Décembre et janvier, c’est la saison des orages. Jusque là tout se passait bien, pas trop fort, juste assez pour avoir de l’eau et nous rafraîchir de temps à autre. Jusqu’à samedi 28 décembre…

Au moment de nous coucher, j’ai regardé le radar, trouvant que les éclairs dans le ciel semblaient se rapprocher de chez nous. Effectivement, un orage important arrivait, et à grande vitesse. Ça c’est plutôt une bonne nouvelle dans l’absolu, s’il va vite il ne va pas rester longtemps. La pluie en elle-même n’a pas été très importante, beaucoup de vent, mais rien de grave. Nous sommes allés dormir en communication par radio avec Pablo qui vit au bord de la rivière.
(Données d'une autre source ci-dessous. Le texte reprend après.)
Lemma gauss a b c : a <> z -> coprime a b -> dvd a (mul b c) -> dvd a c.
Proof.
  intros Ha Hab Hbc.
  assert (Hdef : definable M (fun n => forall k, le k n -> ~ (k <> z /\ dvd a (mul k c))))
    by solve_definable.
  destruct (least_element _ Hdef a (conj Ha (dvd_factor_l a c))) as (t & [Ht Htc] & least).
  pose proof (least_multiplier_dvd a c t Ht Htc (fun r Hr Hrc => least r (conj Hr Hrc))) as Hdvd.
  assert (t = u) as -> by (apply Hab; apply Hdvd; [apply dvd_factor_l | exact Hbc]).
  now rewrite mul_1_l in Htc.
Qed.

(* Goedel's beta-function coding: when [d] is a multiple of every [i <= N], the moduli
   [1 + (p + 1) d] for [p <= N] are pairwise coprime, so a product [c] of some of them
   codes an arbitrary subset of [0..N]. *)
Definition beta_modulus d p := add u (mul (S p) d).
Definition in_code c d N p := le p N /\ dvd (beta_modulus d p) c.
Definition multiple_upto N d := d <> z /\ forall i, i <> z -> le i N -> dvd i d.

Lemma beta_modulus_neq_0 d p : beta_modulus d p <> z.
Proof. intro H; exact (one_neq_0 (add_eq_0_l _ _ H)). Qed.

Lemma not_in_code_one d N p : d <> z -> ~ in_code u d N p.
Proof.
  intros Hd [_ H]; apply dvd_one in H.
  assert (E : add u (mul (S p) d) = add u z) by now rewrite add_0_r.
  apply add_cancel_l, mul_eq_0 in E.
  destruct E as [E | E]; [exact (succ_neq_zero _ E) | exact (Hd E)].
Qed.

Lemma multiple_upto_exists N : exists d, multiple_upto N d.
Proof.
  revert N; definable_induction peano_ind.
  - exists u; split; [exact one_neq_0|].
    intros i Hi HiN; now destruct (Hi (le_0_r _ HiN)).
  - intros N [d [Hd0 Hd]]; exists (mul d (S N)); split.
    + intro H; destruct (mul_eq_0 _ _ H) as [H' | H'];
        [exact (Hd0 H') | exact (succ_neq_zero _ H')].
    + intros i Hi HiN; destruct (le_succ_r_cases _ _ HiN) as [K | ->].
      * now apply dvd_mul_l, Hd.
      * apply dvd_factor_r.
Qed.
(* With the notation of the context, let $\bm c\in\mathbb{R}^e$ and let $\bm p=(\rho,\sigma,t_\rho,t_\sigma)$ be a profile. There exists a sequence compatible with $\bm p$ that satisfies the equality constraints for $\bm c$ if and only if there are vectors $\bm a,\bm d_c,\bm d_\infty\in\mathbb{R}^d$ with $\bm d_c\neq\bm 0$ such that, for all $i\in\{1,\dots,n\}$ and $j\in\{1,\dots,m\}$: (1) $\bm r_i^\top\bm a=\rho(i)$ and $\bm r_i^\top\bm d_\infty=0$ whenever $t_\rho(i)\in\{-1,1\}$; $\bm s_i^\top\bm a=\sigma(i)$ and $\bm s_i^\top\bm d_\infty=0$ whenever $t_\sigma(i)\in\{-1,1\}$; (2) $\bm r_i^\top\bm a=\rho(i)$, $\bm r_i^\top\bm d_c=0$, $\bm r_i^\top\bm d_\infty=0$ whenever $t_\rho(i)=0$; $\bm s_i^\top\bm a=\sigma(i)$, $\bm s_i^\top\bm d_c=0$, $\bm s_i^\top\bm d_\infty=0$ whenever $t_\sigma(i)=0$; (3) $\bm r_i^\top\bm d_c>0$ (resp. $<0$) whenever $t_\rho(i)=1$ (resp. $-1$); $\bm s_i^\top\bm d_c>0$ (resp. $<0$) whenever $t_\sigma(i)=1$ (resp. $-1$); (4) $\bm r_i^\top\bm d_\infty>0$ (resp. $<0$) whenever $t_\rho(i)=\omega$ (resp. $-\omega$); $\bm s_i^\top\bm d_\infty>0$ (resp. $<0$) whenever $t_\sigma(i)=\omega$ (resp. $-\omega$); (5) $\bm u_j^\top\bm d_c=\bm u_j^\top\bm d_\infty=0$, $\bm v_j^\top\bm d_c=\bm v_j^\top\bm d_\infty=0$, and $(\bm u_j-\bm v_j)^\top\bm a=\bm w_j^\top\bm c+d_j$.
   Context: Fixed data: $\bm r_i,\bm s_i\in\mathbb{Q}^d$, $\bm t_i\in\mathbb{Q}^e$, $h_i\in\mathbb{Q}$ for $i\in[1,n]$ and $\bm u_j,\bm v_j\in\mathbb{Q}^d$, $\bm w_j\in\mathbb{Q}^e$, $d_j\in\mathbb{Q}$ for $j\in[1,m]$. A profile is a tuple $\bm p=(\rho,\sigma,t_\rho,t_\sigma)$ of functions $\rho,\sigma\colon\{1,\dots,n\}\to\mathbb{R}\cup\{-\omega,\omega\}$ and $t_\rho,t_\sigma\colon\{1,\dots,n\}\to\{-\omega,-1,0,1,\omega\}$. For a sequence $(\bm a_k)_{k\ge1}$ in $\mathbb{R}^d$ let $\bm\rho_i=(\bm r_i^\top\bm a_k)_{k\ge1}$ and $\bm\sigma_i=(\bm s_i^\top\bm a_k)_{k\ge1}$. A sequence of pairwise distinct vectors is compatible with $\bm p$ if for every $i$ the following hold for $\bm\rho_i$ w.r.t. $(\rho(i),t_\rho(i))$ and for $\bm\sigma_i$ w.r.t. $(\sigma(i),t_\sigma(i))$: type $0$: constantly equal to the value; type $1$ (resp. $-1$): strictly increasing (resp. strictly decreasing) converging from below (resp. above) to the real value; type $\omega$ (resp. $-\omega$): strictly increasing diverging to $\infty$ (resp. strictly decreasing diverging to $-\infty$), with value $\omega$ (resp. $-\omega$). A sequence $(\bm a_k)$ satisfies the equality constraints for $\bm c$ if $\bm u_j^\top\bm a_k=\bm v_j^\top\bm a_\ell+\bm w_j^\top\bm c+d_j$ for all $j$ and all $k<\ell$. *)

From HB Require Import structures.
From mathcomp Require Import all_boot all_order all_algebra.
From mathcomp Require Import all_classical all_reals all_analysis.
Set Implicit Arguments. Unset Strict Implicit. Unset Printing Implicit Defensive.
Import Order.TTheory GRing.Theory Num.Theory.
Import numFieldNormedType.Exports.
Local Open Scope classical_set_scope.
Local Open Scope ring_scope.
Nous dormions depuis environ une heure quand il nous a appelé avec le talkie pour nous dire « Chicos, se me esta complicando ». Vite, sortir du lit et regarder par la fenêtre. Catastrophe, le parc est sous l’eau, le canal déborde et tout est inondé. Alors que je retiens Daniel d’aller chez Pablo (la dernière fois ils ont fini réfugiés sur le toit), nous allons faire le point devant la maison. La rivière a dû monter d’un mètre. L’eau qui recouvre le parc semble cependant venir du canal, qui passe encore tout juste sous la passerelle.

Pablo nous rejoint, l’eau lèche la terrasse de sa maison, mais heureusement le niveau a cessé de monter. Nous nous en rendons compte ici aussi, ça baisse doucement, heureusement. Plus de peur que de mal, il ne nous reste qu’à nous mettre au lit et faire le point des dégâts le lendemain.
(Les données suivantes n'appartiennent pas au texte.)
(* Consider an instance of ESUP with $n$ clients, $m$ days, integer deadlines $d_{i,j}\ge 1$ and equity parameter $k\in\{0,\dots,m\}$. Let $d^*_j=\max_{1\le i\le n} d_{i,j}$. Build the undirected bipartite graph $G$ with vertex sets $V=\{v_{i,j}: 1\le i\le n, 1\le j\le m\}$, $U=\{u_{d,j}: 1\le j\le m, 1\le d\le d^*_j\}$ and $W=\{w_{i,\ell}: 1\le i\le n, 1\le \ell\le m-k\}$, where for each $i,j$ the vertex $v_{i,j}$ is adjacent exactly to $w_{i,1},\dots,w_{i,m-k}$ and to $u_{1,j},\dots,u_{d_{i,j},j}$ (there are no other edges). Then $G$ has a matching of size $nm$ if and only if there exist schedules $\sigma_1,\dots,\sigma_m$ under which no client is unsatisfied on more than $m-k$ days (i.e., a $k$-equitable set of schedules exists).
   Context: Equitable Scheduling model: there are $n$ clients and $m$ days; on each day $j$ each client $i$ has one job with integer processing time $p_{i,j}$ and integer deadline $d_{i,j}$, to be processed non-preemptively on a single machine. A schedule for day $j$ is a permutation $\sigma_j$ of $\{1,\dots,n\}$; the completion time of client $i$'s job on day $j$ is $C_{i,j}=\sum_{i_0:\sigma_j(i_0)\le\sigma_j(i)}p_{i_0,j}$. Client $i$ is satisfied on day $j$ if $C_{i,j}\le d_{i,j}$, otherwise unsatisfied. Given $k\in\{0,\dots,m\}$, a set of schedules $\{\sigma_1,\dots,\sigma_m\}$ is $k$-equitable if every client is satisfied on at least $k$ days. ESUP (Equitable Scheduling with Unit Processing Times) is the problem of deciding whether a $k$-equitable set of schedules exists when $p_{i,j}=1$ for all $i,j$ (so $C_{i,j}=\sigma_j(i)$). *)

From mathcomp Require Import all_boot all_fingroup.
Set Implicit Arguments. Unset Strict Implicit. Unset Printing Implicit Defensive.

(* Clients are 'I_n (client i corresponds to the paper's client i+1),
   days are 'I_m; d i j is the integer deadline of client i on day j. *)

Definition dstar (n m : nat) (d : 'I_n -> 'I_m -> nat) (j : 'I_m) : nat :=
  \max_(i < n) d i j.

(* a global bound on all deadlines, used only to index the U-vertices *)
Definition dmax (n m : nat) (d : 'I_n -> 'I_m -> nat) : nat :=
  \max_(i < n) \max_(j < m) d i j.

(* Ambient vertex type:
   inl (i, j)            ~ v_{i+1, j+1}
   inr (inl (dd, j))     ~ u_{dd+1, j+1}   (only those with dd+1 <= d*_j are vertices)
   inr (inr (i, l))      ~ w_{i+1, l+1},  l < m - k *)
Definition vtx (n m k D : nat) : finType :=
  (('I_n * 'I_m) + (('I_D * 'I_m) + ('I_n * 'I_(m - k))))%type.

Definition in_G (n m k : nat) (d : 'I_n -> 'I_m -> nat)
  (x : vtx n m k (dmax d)) : bool :=
  match x with
  | inl _ => true
  | inr (inl (dd, j)) => dd.+1 <= dstar d j
  | inr (inr _) => true
  end.

Arguments in_G {n m k} d x.

Definition adjV (n m k : nat) (d : 'I_n -> 'I_m -> nat)
  (v : 'I_n * 'I_m) (y : (('I_(dmax d) * 'I_m) + ('I_n * 'I_(m - k)))%type) : bool :=
  match y with
  | inl (dd, j') => (j' == v.2) && (dd.+1 <= d v.1 v.2)
  | inr (i', _) => i' == v.1
  end.

Arguments adjV {n m k} d v y.

Definition adjG (n m k : nat) (d : 'I_n -> 'I_m -> nat)
  (x y : vtx n m k (dmax d)) : bool :=
  match x, y with
  | inl v, inr z => adjV d v z
  | inr z, inl v => adjV d v z
  | _, _ => false
  end.

Arguments adjG {n m k} d x y.

Definition is_matching (n m k : nat) (d : 'I_n -> 'I_m -> nat)
  (M : {set {set vtx n m k (dmax d)}}) : Prop :=
  (forall e, e \in M -> exists x y,
      [/\ in_G d x, in_G d y, adjG d x y & e = [set x; y]]) /\
  (forall e1 e2, e1 \in M -> e2 \in M -> e1 != e2 -> [disjoint e1 & e2]).

Arguments is_matching {n m k} d M.

(* ESUP: unit processing times; sigma j is the schedule of day j, and
   client i occupies position (sigma j i) (0-based), so its completion
   time is C_{i,j} = (sigma j i) + 1. *)
Definition completion (n m : nat) (sigma : 'I_m -> {perm 'I_n}) (i : 'I_n) (j : 'I_m) : nat :=
  (sigma j i).+1.

Definition satisfied (n m : nat) (d : 'I_n -> 'I_m -> nat)
  (sigma : 'I_m -> {perm 'I_n}) (i : 'I_n) (j : 'I_m) : bool :=
  completion sigma i j <= d i j.

Definition k_equitable (n m : nat) (d : 'I_n -> 'I_m -> nat) (k : nat)
  (sigma : 'I_m -> {perm 'I_n}) : Prop :=
  forall i : 'I_n, k <= #|[set j : 'I_m | satisfied d sigma i j]|.

From mathcomp Require Import all_boot all_fingroup.
From mathcomp Require Import zify.
Set Implicit Arguments. Unset Strict Implicit. Unset Printing Implicit Defensive.

(* Every edge of G joins a vertex v_{i,j} of V to a vertex of U or W, so a
   matching of size nm = |V| must saturate V.  Both sides of the equivalence
   are therefore compared with an intermediate notion: a "saturating partner
   function", an injective map p sending every v_{i,j} to a neighbour.
   - Matchings of size nm are exactly the graphs of such maps: one direction
     builds the edges {v, p v}; the other uses a counting argument
     (disjoint_blocks_cover) to see that V is covered, then reads p off M.
   - From k-equitable schedules, send v_{i,j} to u_{sigma_j(i)+1, j} when
     client i is satisfied on day j, and otherwise to w_{i,l}, where l is the
     rank of j among the (at most m-k) days on which i is unsatisfied.
   - Conversely, on day j order the clients by the key "dd if matched to
     u_{dd,j}, a large distinct value if matched into W"; by perm_below_key
     each client matched into U finishes by its deadline, so the days on which
     client i is unsatisfied are matched to distinct vertices w_{i,l}, of
     which there are m-k. *)

(* Pairwise disjoint blocks, each meeting A, that are at least as many as the
   elements of A must cover A: picking a point of A in each block is injective. *)
Lemma disjoint_blocks_cover (T : finType) (A : {set T}) (M : {set {set T}}) :
  (forall e1 e2, e1 \in M -> e2 \in M -> e1 != e2 -> [disjoint e1 & e2]) ->
  (forall e, e \in M -> e :&: A != set0) -> #|A| <= #|M| ->
  forall a, a \in A -> exists2 e, e \in M & a \in e.
Proof.
move=> disjM meetA cardM a aA.
have [/exists_inP // | /exists_inPn uncov] := boolP [exists e in M, a \in e].
exfalso.
pose pt e := [pick x in e :&: A].
have pt_in e : e \in M -> exists2 x, pt e = Some x & x \in e :&: A.
  move=> eM; rewrite /pt; case: pickP => [x xe | none]; first by exists x.
  by have /set0Pn [x] := meetA e eM; rewrite none.
have pt_inj : {in M &, injective pt}.
  move=> e1 e2 e1M e2M pte; apply/eqP/negPn/negP => ne12.
  have [x pt1 /setIP [xe1 _]] := pt_in e1 e1M.
  have [y pt2 /setIP [ye2 _]] := pt_in e2 e2M.
  move: pte; rewrite pt1 pt2 => -[xy]; subst y.
  by have /disjointFr := disjM _ _ e1M e2M ne12; move/(_ x xe1); rewrite ye2.
have pt_sub : pt @: M \subset Some @: (A :\ a).
  apply/subsetP => _ /imsetP [e eM ->]; have [x -> /setIP [xe xA]] := pt_in e eM.
  apply: imset_f; rewrite !inE xA andbT; apply: contraTneq xe => ->.
  exact: uncov.
have := subset_leq_card pt_sub.
rewrite (card_in_imset pt_inj) (card_imset _ (@Some_inj _)).
by move: cardM; rewrite (cardsD1 a A) aA; lia.
Qed.

(* Listing the elements of 'I_n by increasing value of an injective key f gives
   a permutation that places every element no later than its key. *)
Lemma perm_below_key n (f : 'I_n -> nat) :
  injective f -> exists s : {perm 'I_n}, forall i, s i <= f i.
Proof.
move=> f_inj; pose rank i := #|[set i' | f i' < f i]|.
have rank_lt i : rank i < n.
  rewrite -[n]card_ord -cardsT; apply: proper_card; rewrite properT.
  by apply/negP => /eqP full; have := in_setT i; rewrite -full inE ltnn.
have rank_mono a b : f a < f b -> rank a < rank b.
  move=> fab; apply: proper_card; rewrite properE; apply/andP; split.
    by apply/subsetP => x; rewrite !inE => /ltn_trans; apply.
  by apply/subsetPn; exists a; rewrite !inE // ltnn.
have rank_inj : injective (fun i => Ordinal (rank_lt i)).
  move=> a b /(congr1 val) /= rab.
  by case: (ltngtP (f a) (f b)) => [/rank_mono | /rank_mono | /f_inj //];
    rewrite rab ltnn.
exists (perm rank_inj) => i; rewrite permE /= /rank cardE.
rewrite -(size_map f) -[X in _ <= X](size_iota 0 (f i)); apply: uniq_leq_size.
  by rewrite map_inj_uniq ?enum_uniq.
by move=> x /mapP [y]; rewrite mem_enum inE => fy ->; rewrite mem_iota.
Qed.

Section MatchingPartner.
Variables (n m k : nat) (d : 'I_n -> 'I_m -> nat).
Local Notation V := (vtx n m k (dmax d)).
Local Notation Nbr := (('I_(dmax d) * 'I_m) + ('I_n * 'I_(m - k)))%type.

Definition saturating (p : 'I_n * 'I_m -> Nbr) : Prop :=
  injective p /\ forall v, adjV d v (p v).

Lemma adjV_in_G v (z : Nbr) : adjV d v z -> in_G d (inr z : V).
Proof.
case: z => [[dd j] | //] /= /andP [/eqP -> dd_lt].
exact: leq_trans dd_lt (@leq_bigmax _ (fun i => d i v.2) v.1).
Qed.

Lemma matching_edge (M : {set {set V}}) e : is_matching d M -> e \in M ->
  exists v z, adjV d v z /\ e = [set inl v; inr z].
Proof.
move=> [edgeM _] /edgeM [[x|x] [[y|y] [_ _ xy ->]]] //; first by exists x, y.
by exists y, x; rewrite setUC.
Qed.

Lemma saturating_matching p : saturating p ->
  exists M : {set {set V}}, is_matching d M /\ #|M| = n * m.
Proof.
move=> [p_inj p_adj]; pose edge v : {set V} := [set inl v; inr (p v)].
have edge_meet v1 v2 x : x \in edge v1 -> x \in edge v2 -> v1 = v2.
  by rewrite !inE => /orP [] /eqP -> /orP [] /eqP // [] //; apply: p_inj.
have edge_inj : injective edge.
  by move=> v1 v2 e12; apply: (edge_meet v1 v2 (inl v1)); rewrite -?e12 set21.
exists (edge @: setT); split; last by rewrite card_imset // cardsT card_prod !card_ord.
split=> [_ /imsetP [v _ ->] | _ _ /imsetP [v1 _ ->] /imsetP [v2 _ ->] ne12].
  by exists (inl v), (inr (p v)); split=> //; [exact: (adjV_in_G (p_adj v)) | exact: p_adj].
rewrite -setI_eq0; apply/set0Pn => -[x /setIP [x1 x2]]; move: ne12.
by rewrite (edge_meet _ _ _ x1 x2) eqxx.
Qed.

(* A matching of size nm = |V| covers V, hence defines a saturating partner
   function. *)
Lemma matching_saturating (M : {set {set V}}) : is_matching d M -> #|M| = n * m ->
  exists p, saturating p.
Proof.
move=> matM cardM; have [_ disjM] := matM.
pose A : {set V} := [set inl v | v : 'I_n * 'I_m].
have cardA : #|A| = n * m.
  by rewrite card_imset; [rewrite card_prod !card_ord | move=> ? ? []].
have meetA e : e \in M -> e :&: A != set0.
  move=> /(matching_edge matM) [v [z [_ ->]]].
  by apply/set0Pn; exists (inl v); rewrite !inE eqxx imset_f.
have partner v : exists z, adjV d v z && ([set inl v; inr z] \in M).
  have vA : inl v \in A by exact: imset_f.
  have cardAM : #|A| <= #|M| by rewrite cardA cardM.
  have [e eM] := disjoint_blocks_cover disjM meetA cardAM vA.
  have [v' [z [adj_z e_def]]] := matching_edge matM eM.
  rewrite e_def !inE => /orP [/eqP [->] | /eqP //].
  by exists z; rewrite adj_z -e_def.
have [p /(_ _) /andP p_spec] := fin_all_exists partner.
exists p; split=> [v1 v2 p12 | v]; last by have [] := p_spec v.
have [_ e1M] := p_spec v1; have [_ e2M] := p_spec v2.
have e12 : [set inl v1; inr (p v1)] = [set inl v2; inr (p v2)].
  apply/eqP/negPn/negP => /(disjM _ _ e1M e2M) /(@disjointFr _ _ _ (inr (p v1))).
  by rewrite p12 !inE !eqxx !orbT => /(_ isT).
by have := set21 (inl v1) (inr (p v1)); rewrite e12 !inE => /orP [/eqP [] | /eqP].
Qed.

End MatchingPartner.

Section SchedulePartner.
Variables (n m k : nat) (d : 'I_n -> 'I_m -> nat).
Local Notation Nbr := (('I_(dmax d) * 'I_m) + ('I_n * 'I_(m - k)))%type.

Definition unsat_days (sigma : 'I_m -> {perm 'I_n}) (i : 'I_n) : {set 'I_m} :=
  ~: [set j | satisfied d sigma i j].

Lemma k_equitableE sigma : k <= m ->
  k_equitable d k sigma <-> forall i, #|unsat_days sigma i| <= m - k.
Proof.
move=> km; split=> bound i; have := bound i;
  have := cardsC [set j | satisfied d sigma i j]; rewrite card_ord /unsat_days;
  set sat := #|[set _ | _]|; set unsat := #|~: _|; lia.
Qed.

(* dmax d bounds every deadline, so positions before a deadline index U. *)
Lemma d_le_dmax i j : d i j <= dmax d.
Proof.
apply: leq_trans (@leq_bigmax _ (fun j => d i j) j) _.
exact: (@leq_bigmax _ (fun i => \max_(j < m) d i j) i).
Qed.

(* Equitable schedules give a saturating partner function: satisfied jobs go
   to U at their position, unsatisfied ones to W at their rank among the
   client's unsatisfied days. *)
Lemma schedule_saturating sigma : k <= m -> k_equitable d k sigma ->
  exists p : 'I_n * 'I_m -> Nbr, saturating p.
Proof.
move=> km /(k_equitableE _ km) few_unsat.
(* tag v z pins the partner of v down enough to make the choice injective *)
pose tag (v : 'I_n * 'I_m) (z : Nbr) : bool :=
  match z with
  | inl (dd, _) => dd == sigma v.2 v.1 :> nat
  | inr (_, l) => (v.2 \in unsat_days sigma v.1) &&
                  (l == index v.2 (enum (unsat_days sigma v.1)) :> nat)
  end.
have partner v : exists z, adjV d v z && tag v z.
  case: v => i j; have [sat | unsat] := boolP (satisfied d sigma i j).
    have lt_D : sigma j i < dmax d := leq_trans sat (d_le_dmax i j).
    by exists (inl (Ordinal lt_D, j)); rewrite /tag /= !eqxx andbT; exact: sat.
  have j_unsat : j \in unsat_days sigma i by rewrite inE in_set.
  have lt_mk : index j (enum (unsat_days sigma i)) < m - k.
    apply: leq_trans (few_unsat i); rewrite cardE index_mem mem_enum //.
  by exists (inr (i, Ordinal lt_mk)); rewrite /tag /= j_unsat !eqxx.
have [p /(_ _) /andP p_spec] := fin_all_exists partner.
exists p; split=> [[i1 j1] [i2 j2] p12 | v]; last by have [] := p_spec v.
have [adj1 tag1] := p_spec (i1, j1); have [adj2 tag2] := p_spec (i2, j2).
move: adj1 tag1 adj2 tag2; rewrite -p12.
case: (p (i1, j1)) => [[dd j'] | [i' l]] /=.
  move=> /andP [/eqP -> _] /eqP dd1 /andP [/eqP j12 _] /eqP dd2; subst j2.
  by rewrite (perm_inj (val_inj (etrans (esym dd1) dd2))).
move=> /eqP -> /andP [u1 /eqP l1] /eqP i12 /andP [u2 /eqP l2]; subst i2.
congr pair; apply: (@index_inj _ j1 (enum (unsat_days sigma i1))); rewrite ?mem_enum //.
by rewrite -l1 -l2.
Qed.

(* A saturating partner function gives equitable schedules: on each day,
   clients matched into U are ordered by their U-index and placed before their
   deadline, and unsatisfied days of client i inject into {w_{i,l}}. *)
Lemma saturating_schedule (p : 'I_n * 'I_m -> Nbr) : k <= m -> saturating p ->
  exists sigma, k_equitable d k sigma.
Proof.
move=> km [p_inj p_adj].
pose key j i := if p (i, j) is inl (dd, _) then val dd else dmax d + i.
have key_inj j : injective (key j).
  move=> i1 i2; rewrite /key.
  have := p_adj (i1, j); have := p_adj (i2, j); have := @p_inj (i1, j) (i2, j).
  case: (p (i1, j)) => [[dd1 j1] | z1]; case: (p (i2, j)) => [[dd2 j2] | z2] /=.
  - move=> inj /andP [/eqP j2E _] /andP [/eqP j1E _] /val_inj dd12.
    by subst; case: (inj erefl).
  - by move=> _ _ _ e; have := ltn_ord dd1; rewrite e; lia.
  - by move=> _ _ _ e; have := ltn_ord dd2; rewrite -e; lia.
  - by move=> _ _ _ /eqP; rewrite eqn_add2l => /eqP /val_inj.
have [sigma below_key] := fin_all_exists (fun j => perm_below_key (key_inj j)).
exists sigma; apply/k_equitableE => // i.
have sat_U j dd j' : p (i, j) = inl (dd, j') -> satisfied d sigma i j.
  move=> pij; have := p_adj (i, j); have := below_key j i.
  by rewrite /key pij /satisfied /completion => le /andP [_]; apply: leq_ltn_trans.
have to_W : [set p (i, j) | j in unsat_days sigma i] \subset [set inr (i, l) | l : 'I_(m - k)].
  apply/subsetP => z /imsetP [j]; rewrite inE in_set => unsat ->.
  have := p_adj (i, j); case pij: (p (i, j)) => [[dd j'] | [i' l]] /=.
    by rewrite (sat_U _ _ _ pij) in unsat.
  by move=> /eqP ->; exact: imset_f.
have := subset_leq_card to_W.
rewrite !card_imset ?card_ord //; first by move=> l1 l2 [].
by move=> j1 j2 /p_inj [].
Qed.

End SchedulePartner.

Theorem lemma1 (n m k : nat) (d : 'I_n -> 'I_m -> nat)
  (hd : forall i j, 1 <= d i j) (hk : k <= m) :
  (exists M : {set {set vtx n m k (dmax d)}}, is_matching d M /\ #|M| = n * m)
  <-> (exists sigma : 'I_m -> {perm 'I_n}, k_equitable d k sigma).
Proof.
split=> [[M [matM cardM]] | [sigma equitable]].
  have [p satp] := matching_saturating matM cardM.
  exact: saturating_schedule hk satp.
have [p satp] := schedule_saturating hk equitable.
exact: saturating_matching satp.
Qed.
Deux jours de travail pour tout nettoyer, on s’en sort cette fois-ci à bon compte. Aucun blessé dans la vallée, une tente emportée mais vide, plus de peur que de mal. Et de croiser les doigts à chaque fois qu’on voit apparaître un nuage…Entre le besoin d’eau et la peur de l’inondation, le prix à payer pour vivre au bord de la rivière…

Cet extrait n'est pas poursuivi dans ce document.